I studied special education in college and just felt like there has to be more, there has to be more than just this very standard, very superficial do’s and don’ts of education. There was no questioning, there was no deeper understanding of why those are the things and why we do those things, or any of the whys. So I had all of these questions which then led me back to Waldorf education, curative education and social therapy. I felt like those questions were being answered in a broader lens. I learned to go deep into the individual and the diagnostic while also asking why and expanding on that. I think Waldorf education, just if I look at what I’m doing in Kindergarten, is allowing the child to have an imagination. Later in life that child learns to ask why. That’s something that’s incredible. If we allow our children to play with the impossible and the imagination, that gives so much more opportunity later in life to go deeper. 

What Makes Susquehanna Waldorf School Special?

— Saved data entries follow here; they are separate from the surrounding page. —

Lemma fine_adjoint_pyr_lift s (y : vec R d) : 0 < s -> 2 * s <= 1 ->
  fine_adjoint (conv V) (s / (1 - s)) y ->
  fine_adjoint (conv (pyr_vertices V)) s (ext_vec (fun i => (1 - s) * y i) (1 - s)).
Proof.
move=> s_gt0 s_le y_adj a; have [b [c ->]] : exists b c, a = ext_ivec b c.
  by exists (init_ivec a), (a ord_max); rewrite ext_ivecK.
move=> a_nz; rewrite hP_pyr // pairing_ext pairingZ.
have s_lt1 : 0 < 1 - s by lra.
case: (pselect (exists i, b i != 0)) => [b_nz | /forallNP b0].
  have := y_adj b b_nz; set h := hP _ b => y_b.
  have shift : (1 - s) * (h + s / (1 - s)) = (1 - s) * h + s.
    by rewrite mulrDr mulrCA mulfV ?mulr1 // gt_eqF.
  apply: le_trans (_ : (1 - s) * (h + c%:~R) + s <= _).
    by rewrite lerD2r min0_le_scale //; apply/andP; split; lra.
  have := ler_wpM2l (ltW s_lt1) y_b; rewrite shift; lra.
have c_nz : c != 0.
  case: a_nz => i; case: (unliftP ord_max i) => [j ->|->]; last by rewrite ext_ivec_max.
  by rewrite ext_ivec_lift => /b0.
have -> : b = fun=> 0 by apply/funext => i; have /negP/negbNE/eqP := b0 i.
rewrite hP0 // pairing0l !add0r.
case: (ltrgtP (c%:~R : R) 0) => [c_lt0 | c_gt0 | /eqP]; last by rewrite intr_eq0 (negPf c_nz).
  have := ltr_int_addr1 (n := 0) c_lt0; nra.
have := ltr_int_addr1 (m := 0) c_gt0; nra.
Qed.

Lemma fine_adjoint_pyr_proj s (y : vec R d) t : 0 < s ->
  fine_adjoint (conv (pyr_vertices V)) s (ext_vec y t) ->
  2 * s <= 1 /\ fine_adjoint (conv V) (s / (1 - s)) (fun i => y i / t).
Proof.
move=> s_gt0 x_adj.
have height (c : int) : c != 0 -> Num.min 0 c%:~R + s <= c%:~R * t.
  move=> c_nz; have : exists i, @ext_ivec d (fun=> 0) c i != 0.
    by exists ord_max; rewrite ext_ivec_max.
  by move/x_adj; rewrite hP_pyr // hP0 // pairing_ext pairing0l !add0r.
have s_le_t : s <= t by have := height 1 isT; rewrite min_l ?ler0z // add0r mul1r.
have t_le : t <= 1 - s.
  by have := height (-1) isT; rewrite min_r ?lerz0 // rmorphN /= mulN1r; lra.
split => [|b b_nz]; first lra.
have [h hE] := hP_int V_gt0 b.
have : exists i, ext_ivec b (- h) i != 0.
  by case: b_nz => i b_i; exists (lift ord_max i); rewrite ext_ivec_lift.
move/x_adj; rewrite hP_pyr // hE rmorphN /= subrr min_l // add0r pairing_ext.
have -> : pairing b (fun i => y i / t) = t^-1 * pairing b y.
  by rewrite -pairingZ; congr pairing; apply/funext => i; rewrite mulrC.
set p := pairing b y => p_ge.
have t_gt0 : 0 < t by lra.
have t_ratio : s / (1 - s) <= s / t.
  by rewrite ler_pM2l // lef_pV2 ?posrE //; lra.
have -> : t^-1 * p = h%:~R + s / t + t^-1 * (p - h%:~R * t - s).
  by field; rewrite gt_eqF.
rewrite -addrA lerD2l; apply: le_trans t_ratio _; rewrite lerDl.
apply: mulr_ge0; first by rewrite invr_ge0 ltW.
by rewrite rmorphN /= in p_ge; lra.
Qed.

End Adjoint.

Definition adjoint_levels d (V : seq (ivec d)) : set R :=
  [set s | 0 < s /\ fine_adjoint (conv V) s !=set0].

Lemma fine_codegreeE d (V : seq (ivec d)) :
  fine_codegree (conv V) = (sup (adjoint_levels V))^-1.
Proof. by []. Qed.

Lemma adjoint_levels_down d (V : seq (ivec d)) (q r : R) :
  adjoint_levels V r -> 0 < q -> q <= r -> adjoint_levels V q.
Proof.
move=> [r_gt0 [y y_adj]] q_gt0 le_qr; split => //; exists y => a a_nz.
by apply: le_trans (y_adj a a_nz); rewrite lerD2l.
Qed.

Lemma adjoint_levels_pyr d (V : seq (ivec d)) s : (0 < size V)%N ->
  adjoint_levels (pyr_vertices V) s <->
  [/\ 0 < s, 2 * s <= 1 & adjoint_levels V (s / (1 - s))].
Proof.
move=> V_gt0; split.
  move=> [s_gt0 [x]]; rewrite -(ext_vecK x) => /fine_adjoint_pyr_proj[] // s_le y_adj.
  by split => //; split; [rewrite divr_gt0 //; lra | eexists; exact: y_adj].
by move=> [s_gt0 s_le [_ [y /fine_adjoint_pyr_lift y_adj]]]; split => //; eexists; exact: y_adj.
Qed.

Lemma adjoint_levels_dim0 (V : seq (ivec 0)) s : adjoint_levels V s <-> 0 < s.
Proof. by split=> [[] // | s_gt0]; split => //; exists (fun=> 0) => a [[]]. Qed.

Lemma adjoint_levels_bounded d (V : seq (ivec d.+1)) : has_ubound (adjoint_levels V).
Proof.
pose b : ivec d.+1 := fun=> 1.
exists (- (hP (conv V) b + hP (conv V) (fun i => - b i)) / 2) => s [_ [y y_adj]].
have := y_adj b (ex_intro _ ord0 isT).
have := y_adj (fun i => - b i) (ex_intro _ ord0 isT).
by rewrite pairingNl; lra.
Qed.

Section FullDimensional.
Variables (d : nat) (V : seq (ivec d)).
Hypothesis V_full : full_dim R V.

Lemma full_dim_size_gt0 : (0 < size V)%N.
Proof.
have [w [w_sum1 _]] := V_full (fun=> 0).
rewrite lt0n; apply/negP => /eqP V0; move: w w_sum1; rewrite V0 => w.
by rewrite big_ord0 => /eqP; rewrite eq_sym oner_eq0.
Qed.

Lemma full_dim_pairing_nonconst (b : ivec d) : (exists i, b i != 0) ->
  forall h : R, exists k : 'I_(size V), pairing b (vertex V k) != h.
Proof.
move=> [i b_i] h; apply/not_existsP => /= const.
have {}const (k : 'I_(size V)) : pairing b (vertex V k) = h.
  by apply/eqP/negbNE/negP; exact: const.
pose x : vec R d := fun j => if j == i then (h + 1) / (b i)%:~R else 0.
have [w [w_sum1 xE]] := V_full x.
have : pairing b x = h + 1.
  rewrite /pairing (bigD1 i) //= big1 => [|j /negbTE j_i]; last by rewrite /x j_i mulr0.
  by rewrite /x eqxx addr0 mulrC divfK // intr_eq0.
rewrite (pairing_combination b xE).
under eq_bigr => k _ do rewrite const.
by rewrite -mulr_suml w_sum1 mul1r; lra.
Qed.

Lemma adjoint_levels_barycenter : adjoint_levels V (size V)%:R^-1.
Proof.
have V_gt0 := full_dim_size_gt0; set n := size V.
have n_gt0 : (0 : R) < n%:R by rewrite ltr0n.
split; first by rewrite invr_gt0.
exists (fun i => \sum_(k < n) n%:R^-1 * vertex V k i) => b b_nz.
rewrite (pairing_combination (V := V) (w := fun=> n%:R^-1) b) // -mulr_sumr.
have [k0 [-> k0_min]] := hP_conv_vertex V_gt0 b; set h := pairing b (vertex V k0) in k0_min *.
have [k1 k1_ne] := full_dim_pairing_nonconst b_nz h.
have k1_ge : h + 1 <= pairing b (vertex V k1).
  have : h < pairing b (vertex V k1) by rewrite lt_neqAle eq_sym k1_ne k0_min.
  by rewrite /h !pairing_vertex; exact: ltr_int_addr1.
have excess : 1 <= \sum_(k < n) (pairing b (vertex V k) - h).
  rewrite (bigD1 k1) //=; apply: le_trans (_ : pairing b (vertex V k1) - h <= _); first lra.
  by rewrite lerDl sumr_ge0 // => k _; rewrite subr_ge0.
have -> : \sum_(k < n) pairing b (vertex V k) = \sum_(k < n) (pairing b (vertex V k) - h) + h * n%:R.
  by rewrite sumrB sumr_const card_ord mulr_natr subrK.
rewrite mulrDr [n%:R^-1 * (h * _)]mulrC -mulrA mulfV ?gt_eqF // mulr1 addrC lerD2r.
by rewrite -[X in X <= _]mulr1 ler_wpM2l // ltW // invr_gt0.
Qed.

End FullDimensional.

Lemma sup_adjoint_levels_gt0 d (V : seq (ivec d)) :
  has_sup (adjoint_levels V) -> 0 < sup (adjoint_levels V).
Proof.
move=> hs; have [[r r_in] _] := hs.
by apply: lt_le_trans (sup_upper_bound hs r_in); case: r_in.
Qed.

Lemma sup_adjoint_levels_pyr d (V : seq (ivec d)) : (0 < size V)%N ->
  has_sup (adjoint_levels V) ->
  sup (adjoint_levels (pyr_vertices V)) =
  Num.min 2^-1 (sup (adjoint_levels V) / (1 + sup (adjoint_levels V))).
Proof.
move=> V_gt0 hs; have := sup_adjoint_levels_gt0 hs; set σ := sup _ => σ_gt0.
have ratio_le s : 0 < s < 1 -> (s <= σ / (1 + σ)) = (s / (1 - s) <= σ).
  case/andP=> s_gt0 s_lt1; rewrite ler_pdivlMr ?ler_pdivrMr ?subr_gt0 //; last lra.
  by apply/idP/idP => ?; nra.
have ratio_lt s : 0 < s < 1 -> (s < σ / (1 + σ)) = (s / (1 - s) < σ).
  case/andP=> s_gt0 s_lt1; rewrite ltr_pdivlMr ?ltr_pdivrMr ?subr_gt0 //; last lra.
  by apply/idP/idP => ?; nra.
apply: sup_sandwich.
- by rewrite lt_min invr_gt0 ltr0n divr_gt0 //; lra.
- move=> s /andP[s_gt0]; rewrite lt_min => /andP[s_lt_half].
  rewrite ratio_lt; last by apply/andP; split; lra.
  case/(sup_gt hs.1) => r r_in lt_r.
  apply/adjoint_levels_pyr => //; split => //; first lra.
  by apply: adjoint_levels_down r_in _ (ltW lt_r); rewrite divr_gt0 //; lra.
- move=> s /adjoint_levels_pyr[] // s_gt0 s_le s_in.
  rewrite le_min ratio_le; last by apply/andP; split; lra.
  by rewrite (sup_upper_bound hs s_in) andbT; lra.
Qed.
(* Fix a positive integer $m$ and let $1\le j\le m$. Let $\pi\sim\mathcal{S}_{m,n}$ be uniform, and let $T_j$ be the smallest index $t$ such that $\pi_t$ is the $j$-th occurrence of some card type in $\pi$ (equivalently, the largest $t$ such that $\{\pi_1,\dots,\pi_{t-1}\}$ contains no card type with multiplicity at least $j$). If $t=\gamma n^{1-1/j}$, where $\gamma>0$ may depend on $n$, then \[\Pr[T_j>t]=1-O(\gamma^{j})\quad\text{and}\quad \Pr[T_j>t]=O(\gamma^{-j}),\] where the implicit constants may depend on $m$.
   Context: $\mathcal{S}_{m,n}$ is the set of words over the alphabet $[n]=\{1,\dots,n\}$ in which each symbol appears exactly $m$ times; $\pi\sim\mathcal{S}_{m,n}$ denotes a uniformly random element, and $\pi_t$ its $t$-th letter. Asymptotic notation is as $n\to\infty$ with $m$ fixed. *)

From HB Require Import structures.
From mathcomp Require Import all_boot all_order all_algebra.
From mathcomp Require Import reals exp.
Set Implicit Arguments. Unset Strict Implicit. Unset Printing Implicit Defensive.
Import Order.TTheory GRing.Theory Num.Theory.
Local Open Scope ring_scope.

(* A word of length m*n over the alphabet 'I_n (0-based encoding of [n]). *)
Definition word (m n : nat) := (m * n)%N.-tuple 'I_n.

Definition inS (m n : nat) (w : word m n) : bool :=
  [forall x : 'I_n, count_mem x w == m].

(* T_j(s): the smallest 1-based index t such that s_t is the j-th occurrence
   of its letter in s, i.e. count of s_t among s_1..s_t equals j.
   (If no such index exists, returns size s + 1; this never happens on S_{m,n}
   when 1 <= j <= m.) Letters are encoded as nats. *)
Definition Tj (j : nat) (s : seq nat) : nat :=
  (find (fun i => count_mem (nth 0%N s i) (take i.+1 s) == j) (iota 0 (size s))).+1.

Definition probTgt (R : realType) (m n j : nat) (t : R) : R :=
  (#|[set w : word m n | inS w && (t < (Tj j (map val w))%:R)]|%:R)
  / (#|[set w : word m n | inS w]|%:R).

From HB Require Import structures.
From mathcomp Require Import all_boot all_order all_algebra.
From mathcomp Require Import reals exp.
From mathcomp Require Import ring lra.
Set Implicit Arguments. Unset Strict Implicit. Unset Printing Implicit Defensive.
Import Order.TTheory GRing.Theory Num.Theory.
Local Open Scope ring_scope.
(* Let $N\ge 1$ be an integer and let $P_N$ be the polynomial defined in the context. Then for every $t\in(0,\pi)$ with $t\neq \frac{2\pi}{N+2}$, $$ P_N(e^{it})=\frac{1}{2\bigl(\cos t-\cos\frac{2\pi}{N+2}\bigr)}+\frac{1-\cos\frac{2\pi}{N+2}}{(N+2)(1-\cos t)}\cdot\frac{\sin t\,\sin\frac{(N+2)t}{2}}{\bigl(\cos t-\cos\frac{2\pi}{N+2}\bigr)^2}\,e^{\frac{(N+2)}{2}it}. $$
   Context: For an integer $N\ge1$ put $b_0=1$ and, for $k=1,\dots,N$, $$b_k=\frac{(N-k+3)\sin\frac{(k+1)\pi}{N+2}-(N-k+1)\sin\frac{(k-1)\pi}{N+2}}{(N+2)\sin\frac{\pi}{N+2}}$$ (these are the cosine coefficients of the Egerváry–Szász polynomial $\frac{2}{N+2}\bigl|\sum_{k=0}^N\sin\frac{\pi(k+1)}{N+2}e^{ikt}\bigr|^2=\sum_{k=0}^N b_k\cos kt$). Define the polynomial $$P_N(z)=\frac{1}{\sin\frac{2\pi}{N+2}}\sum_{k=1}^N b_k\sin\frac{k\pi}{N+2}\,z^k,$$ which satisfies $P_N(0)=0$, $P_N'(0)=1$ (e.g. $P_1(z)=z$, $P_2(z)=z+\tfrac12z^2$, $P_3(z)=z+\tfrac{2}{\sqrt5}z^2+\tfrac12(1-\tfrac1{\sqrt5})z^3$, $P_4(z)=z+\tfrac76z^2+\tfrac23z^3+\tfrac16z^4$). *)

From Stdlib Require Import Reals Lra Lia.
Open Scope R_scope.

Definition C : Type := (R * R)%type.
Definition Cadd (z w : C) : C := (fst z + fst w, snd z + snd w).
Definition Cmul (z w : C) : C :=
  (fst z * fst w - snd z * snd w, fst z * snd w + snd z * fst w).
Definition Cscale (r : R) (z : C) : C := (r * fst z, r * snd z).
Definition Cof (r : R) : C := (r, 0).
Fixpoint Cpow (z : C) (n : nat) : C :=
  match n with O => (1, 0) | S m => Cmul z (Cpow z m) end.
Definition Cexpi (t : R) : C := (cos t, sin t).

(* Csum f m n = f m + f (m+1) + ... + f (m+n-1)  (n terms) *)
Fixpoint Csum (f : nat -> C) (m n : nat) : C :=
  match n with O => (0, 0) | S n' => Cadd (f m) (Csum f (S m) n') end.

(* Cosine coefficients b_k of the Egervary--Szasz polynomial *)
Definition b (N k : nat) : R :=
  match k with
  | O => 1
  | _ =>
    let M := INR N + 2 in
    ((INR N - INR k + 3) * sin ((INR k + 1) * PI / M)
     - (INR N - INR k + 1) * sin ((INR k - 1) * PI / M))
    / (M * sin (PI / M))
  end.

Definition P (N : nat) (z : C) : C :=
  Cscale (/ sin (2 * PI / (INR N + 2)))
    (Csum (fun k => Cscale (b N k * sin (INR k * PI / (INR N + 2))) (Cpow z k)) 1 N).

(* Write w = e^{i pi/(N+2)} and z = e^{it}.  By the product-to-sum formulas,
   b_k sin(k pi/(N+2)) / sin(2 pi/(N+2)) is a combination of w^{2k}, w^{-2k}
   and 1 whose coefficients are affine in k, so P_N(z) is the sum of three
   arithmetico-geometric series with ratios z w^2, z w^{-2} and z.  Summing
   them in closed form and using w^{N+2} = -1 and z^N = e^2 / z^2, where
   e = e^{i(N+2)t/2}, leaves an identity between rational functions of w, z
   and e.  The hypotheses on t keep the three ratios away from 1. *)

From Stdlib Require Import Reals Lra Lia.
From Pilot Require Import Defs.
From Coquelicot Require Import Coquelicot.
Open Scope R_scope.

SWS is a small school with a huge heart. We’re a little school in the middle of a valley, hidden by the river, but it’s a powerful place. When you walk in, it’s alive and there is so much warmth here. It’s blossoming, it’s growing and pulsing with people who genuinely care. They care about everything. It’s not, “did you learn this today?” checkmark, it’s “who are you and how do I get to meet you as a person? How do I get to support you as a person?” That goes for colleagues, for students, for families. It’s just incredible how much care and love is dedicated in and out of this school. It’s tangible. You walk into this school and it feels different. It might be a diamond in the rough, it might be small but it’s so full.